Parents may also consider a corporate sponsorship at this event to promote your company. Click here for more detailed information or contact us at foundation@redlands.nsw.edu.au.
Science at Redlands has a Long Tradition of Innovation
We have asked our Archivist, Marguerite Gillezeau, to share some headlines about our Science program since its inception.
Science has been taught since the School’s first year in 1884 with the first matriculating student Sophia Liggins in 1887 including Physics among her subjects. Intrepid excursions around the state in the first decades of the 20th century involved Redlands girls abseiling into quarries, specimen hammers wedged into their belts, or dropping underground in cages into mining pits, all as part of the School’s experiential scientific education. The School’s first Science Room was built in 1908 to store, examine and dissect the botanical and geological specimens from these field trips.

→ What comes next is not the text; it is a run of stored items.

Lemma sqrt1m_psum_sqr_bound N : sqrt1m_psum N ^ 2 * (2 * INR N + 1) <= 1.
Proof.
  induction N as [|N IH]; [rewrite sqrt1m_psum_0; simpl; lra|].
  rewrite sqrt1m_psum_S, S_INR. pose proof (pos_INR N).
  set (x := INR N) in *. set (g := sqrt1m_psum N) in *.
  replace ((g * (2 * x + 1) / (2 * x + 2)) ^ 2 * (2 * (x + 1) + 1))
    with (g ^ 2 * (2 * x + 1) * ((2 * x + 1) * (2 * x + 3) / (2 * x + 2) ^ 2))
    by (field; lra).
  assert (0 <= (2 * x + 1) * (2 * x + 3) / (2 * x + 2) ^ 2 <= 1).
  { split; [apply Rdiv_le_0_compat; nra|].
    apply Rmult_le_reg_r with ((2 * x + 2) ^ 2); [nra|].
    unfold Rdiv. rewrite Rmult_assoc, Rinv_l by nra. nra. }
  pose proof (pow2_ge_0 g). nra.
Qed.

Lemma sqrt1m_psum_lim0 : is_lim_seq sqrt1m_psum 0.
Proof.
  apply is_lim_seq_spec. intro eps. pose proof (cond_pos eps).
  destruct (archimed_cor1 (eps ^ 2)) as [N [HN HN0]]; [nra|].
  exists N. intros n Hn. rewrite Rminus_0_r.
  pose proof (sqrt1m_psum_pos n). rewrite Rabs_pos_eq by lra.
  pose proof (sqrt1m_psum_sqr_bound n).
  assert (INR N <= INR n) by (apply le_INR; lia).
  assert (0 < INR N) by (apply lt_0_INR; lia).
  assert (sqrt1m_psum n ^ 2 < eps ^ 2).
  { apply Rle_lt_trans with (/ INR N); auto.
    apply Rmult_le_reg_r with (INR N); auto. rewrite Rinv_l by lra. nra. }
  nra.
Qed.

Lemma is_lim_seq_scal_sqrt1m_psum k : is_lim_seq (fun N => k * sqrt1m_psum N) 0.
Proof.
  replace (Finite 0) with (Rbar_mult k 0) by (simpl; f_equal; ring).
  apply is_lim_seq_scal_l, sqrt1m_psum_lim0.
Qed.

Lemma sqrt1m_coef_nonpos k : (1 <= k)%nat -> sqrt1m_coef k <= 0.
Proof.
  induction 1 as [|m Hm IH]; [simpl; lra|].
  rewrite sqrt1m_coef_S. assert (1 <= INR m) by (apply (le_INR 1); auto).
  assert (0 < (INR m - / 2) / (INR m + 1)) by (apply Rdiv_lt_0_compat; lra).
  unfold Rdiv in *. rewrite Rmult_assoc. nra.
Qed.

Lemma Rabs_sqrt1m_coef_S k :
  Rabs (sqrt1m_coef (S k)) = sqrt1m_psum k - sqrt1m_psum (S k).
Proof.
  rewrite Rabs_left1 by (apply sqrt1m_coef_nonpos; lia).
  unfold sqrt1m_psum. rewrite tech5. ring.
Qed.

Lemma ex_series_Rabs_sqrt1m_coef : ex_series (fun k => Rabs (sqrt1m_coef k)).
Proof.
  assert (Hsum : forall N, sum_f_R0 (fun k => Rabs (sqrt1m_coef k)) N = 2 - sqrt1m_psum N).
  { induction N as [|N IH]; [simpl; rewrite Rabs_R1, sqrt1m_psum_0; ring|].
    rewrite tech5, IH, Rabs_sqrt1m_coef_S. ring. }
  exists 2. apply is_series_partial_sums.
  apply is_lim_seq_ext with (fun N => 2 + -1 * sqrt1m_psum N); [intro; rewrite Hsum; ring|].
  replace (Finite 2) with (Rbar_plus 2 0) by (simpl; f_equal; ring).
  apply is_lim_seq_plus'; [apply is_lim_seq_const | apply is_lim_seq_scal_sqrt1m_psum].
Qed.

(* The Cauchy square p of the coefficients is 1, -1, 0, 0, ... (as (sqrt (1 - x))^2 = 1 - x);
   this follows from the recursion (n + 1) p (n + 1) = (n - 1) p n. *)
Definition sqrt1m_conv (n : nat) : R :=
  sum_f_R0 (fun i => sqrt1m_coef i * sqrt1m_coef (n - i)) n.

Definition sqrt1m_wconv (n : nat) : R :=
  sum_f_R0 (fun i => INR i * sqrt1m_coef i * sqrt1m_coef (n - i)) n.

Lemma sqrt1m_wconv_sym n : 2 * sqrt1m_wconv n = INR n * sqrt1m_conv n.
Proof.
  unfold sqrt1m_wconv, sqrt1m_conv.
  assert (Hrev : sum_f_R0 (fun i => INR i * sqrt1m_coef i * sqrt1m_coef (n - i)) n
               = sum_f_R0 (fun i => (INR n - INR i) * sqrt1m_coef i * sqrt1m_coef (n - i)) n).
  { rewrite <- sum_f_R0_skip. apply sum_eq. intros i Hi.
    replace (n - (n - i))%nat with i by lia. rewrite minus_INR by lia. ring. }
  transitivity (sum_f_R0 (fun i => INR i * sqrt1m_coef i * sqrt1m_coef (n - i)) n
    + sum_f_R0 (fun i => (INR n - INR i) * sqrt1m_coef i * sqrt1m_coef (n - i)) n);
    [rewrite <- Hrev; ring|].
  rewrite <- plus_sum, scal_sum. apply sum_eq. intros; ring.
Qed.

Lemma sqrt1m_wconv_S n : sqrt1m_wconv (S n) = sqrt1m_wconv n - / 2 * sqrt1m_conv n.
Proof.
  unfold sqrt1m_wconv, sqrt1m_conv. rewrite decomp_sum by lia. simpl pred.
  rewrite !Rmult_0_l, Rplus_0_l, scal_sum, <- minus_sum. apply sum_eq. intros i Hi.
  replace (S n - S i)%nat with (n - i)%nat by lia.
  rewrite S_INR, sqrt1m_coef_S. pose proof (pos_INR i). field. lra.
Qed.

Lemma sqrt1m_conv_S n : (INR n + 1) * sqrt1m_conv (S n) = (INR n - 1) * sqrt1m_conv n.
Proof.
  pose proof (sqrt1m_wconv_sym (S n)) as HS. pose proof (sqrt1m_wconv_sym n).
  rewrite sqrt1m_wconv_S, S_INR in HS. lra.
Qed.

Lemma sqrt1m_conv_0 : sqrt1m_conv 0 = 1.
Proof. unfold sqrt1m_conv. simpl. ring. Qed.

Lemma sqrt1m_conv_1 : sqrt1m_conv 1 = -1.
Proof. unfold sqrt1m_conv. simpl. field. Qed.

Lemma sqrt1m_conv_ge2 n : (2 <= n)%nat -> sqrt1m_conv n = 0.
Proof.
  induction 1 as [|m Hm IH].
  - pose proof (sqrt1m_conv_S 1) as H. rewrite sqrt1m_conv_1 in H. simpl INR in H. lra.
  - pose proof (sqrt1m_conv_S m) as H. rewrite IH in H. pose proof (pos_INR m).
    apply Rmult_eq_reg_l with (INR m + 1); lra.
Qed.

(* Polynomials are lists of coefficients, constant term first. *)
Fixpoint padd (p q : list R) : list R :=
  match p, q with
  | nil, _ => q
  | _, nil => p
  | a :: p', b :: q' => (a + b) :: padd p' q'
  end.

Definition pscal (a : R) (p : list R) : list R := map (fun x => a * x) p.

Fixpoint pmul (p q : list R) : list R :=
  match p with
  | nil => nil
  | a :: p' => padd (pscal a q) (0 :: pmul p' q)
  end.

Definition peval1 (p : list R) : R := fold_right Rplus 0 p.

Definition pnorm1 (p : list R) : R := fold_right (fun a s => Rabs a + s) 0 p.

Lemma nth_padd p q n : nth n (padd p q) 0 = nth n p 0 + nth n q 0.
Proof.
  revert q n. induction p as [|a p IH]; intros [|b q] n; simpl; try (destruct n; simpl; ring).
  destruct n; simpl; [ring | apply IH].
Qed.

Lemma nth_pscal a p n : nth n (pscal a p) 0 = a * nth n p 0.
Proof. revert n. induction p as [|b p IH]; intros [|n]; simpl; try ring. apply IH. Qed.

Lemma nth_pmul p q n :
  nth n (pmul p q) 0 = sum_f_R0 (fun i => nth i p 0 * nth (n - i) q 0) n.
Proof.
  revert n. induction p as [|a p IH]; intro n; simpl.
  - rewrite (sum_eq _ (fun _ => 0)) by (intros [|i] _; simpl; ring).
    rewrite sum_cte. destruct n; simpl; ring.
  - rewrite nth_padd, nth_pscal. destruct n as [|n]; [simpl; ring|].
    simpl nth at 2. rewrite IH, (decomp_sum _ (S n)) by lia. reflexivity.
Qed.

Lemma peval1_padd p q : peval1 (padd p q) = peval1 p + peval1 q.
Proof.
  revert q. induction p as [|a p IH]; intros [|b q]; simpl; try ring. rewrite IH. ring.
Qed.

Lemma peval1_pscal a p : peval1 (pscal a p) = a * peval1 p.
Proof. induction p as [|b p IH]; simpl; [ring|]. rewrite IH. ring. Qed.

Lemma peval1_pmul p q : peval1 (pmul p q) = peval1 p * peval1 q.
Proof.
  induction p as [|a p IH]; simpl; [ring|].
  rewrite peval1_padd, peval1_pscal. simpl. rewrite IH. ring.
Qed.

Lemma pnorm1_nonneg_coefs p : (forall k, 0 <= nth k p 0) -> pnorm1 p = peval1 p.
Proof.
  induction p as [|a p IH]; intro H; simpl; [reflexivity|].
  rewrite IH, Rabs_pos_eq; [reflexivity | apply (H 0%nat) | intro k; apply (H (S k))].
Qed.

Lemma nth_map_seq (h : nat -> R) j L i :
  nth i (map h (seq j L)) 0 = if (i <? L)%nat then h (j + i)%nat else 0.
Proof.
  revert j i. induction L as [|L IH]; intros j [|i]; simpl; auto.
  - rewrite Nat.add_0_r. reflexivity.
  - rewrite IH, Nat.add_succ_r. reflexivity.
Qed.

Lemma peval1_map_seq (h : nat -> R) j N :
  peval1 (map h (seq j (S N))) = sum_f_R0 (fun k => h (j + k)%nat) N.
Proof.
  revert j. induction N as [|N IH]; intro j; [simpl; rewrite Nat.add_0_r; ring|].
  change (h j + peval1 (map h (seq (S j) (S N))) = sum_f_R0 (fun k => h (j + k)%nat) (S N)).
  rewrite IH, (decomp_sum (fun k => h (j + k)%nat) (S N)) by lia. simpl pred.
  rewrite Nat.add_0_r. f_equal. apply sum_eq. intros. rewrite Nat.add_succ_r. reflexivity.
Qed.

Definition sqrt1m_trunc (N : nat) : list R := map sqrt1m_coef (seq 0 (S N)).

Lemma nth_sqrt1m_trunc N i :
  nth i (sqrt1m_trunc N) 0 = if (i <=? N)%nat then sqrt1m_coef i else 0.
Proof. unfold sqrt1m_trunc. rewrite nth_map_seq. reflexivity. Qed.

Although for the most part, Science subjects taught pre-World War II were mostly Geology, Botany and an early form of Biology, the students were taught by experts, such as botanist Constance Le Plastrier and geologist Mabel Roseby, and went on to make their mark in a variety of scientific professions. Dr Thistle Stead (Harris, Class of 1920) became a leading botantist, environmental scientist and activist, Dr Anne Atkinson (Raymond, Class of 1942), a geologist and vulcanist (expert in volcanoes) and Myril Evans (1930), Redlands’ first graduate in Agricultural Science, became a food chemist and bacteriologist. A significant number of Redlanders entered health professions and became not only doctors, but renowned health advocates such as Dr Vida Sams (Class of 1915). Marie Cotton (Patison, Class of 1936) was the first woman to win the University Medal in Dentistry at the University of Sydney.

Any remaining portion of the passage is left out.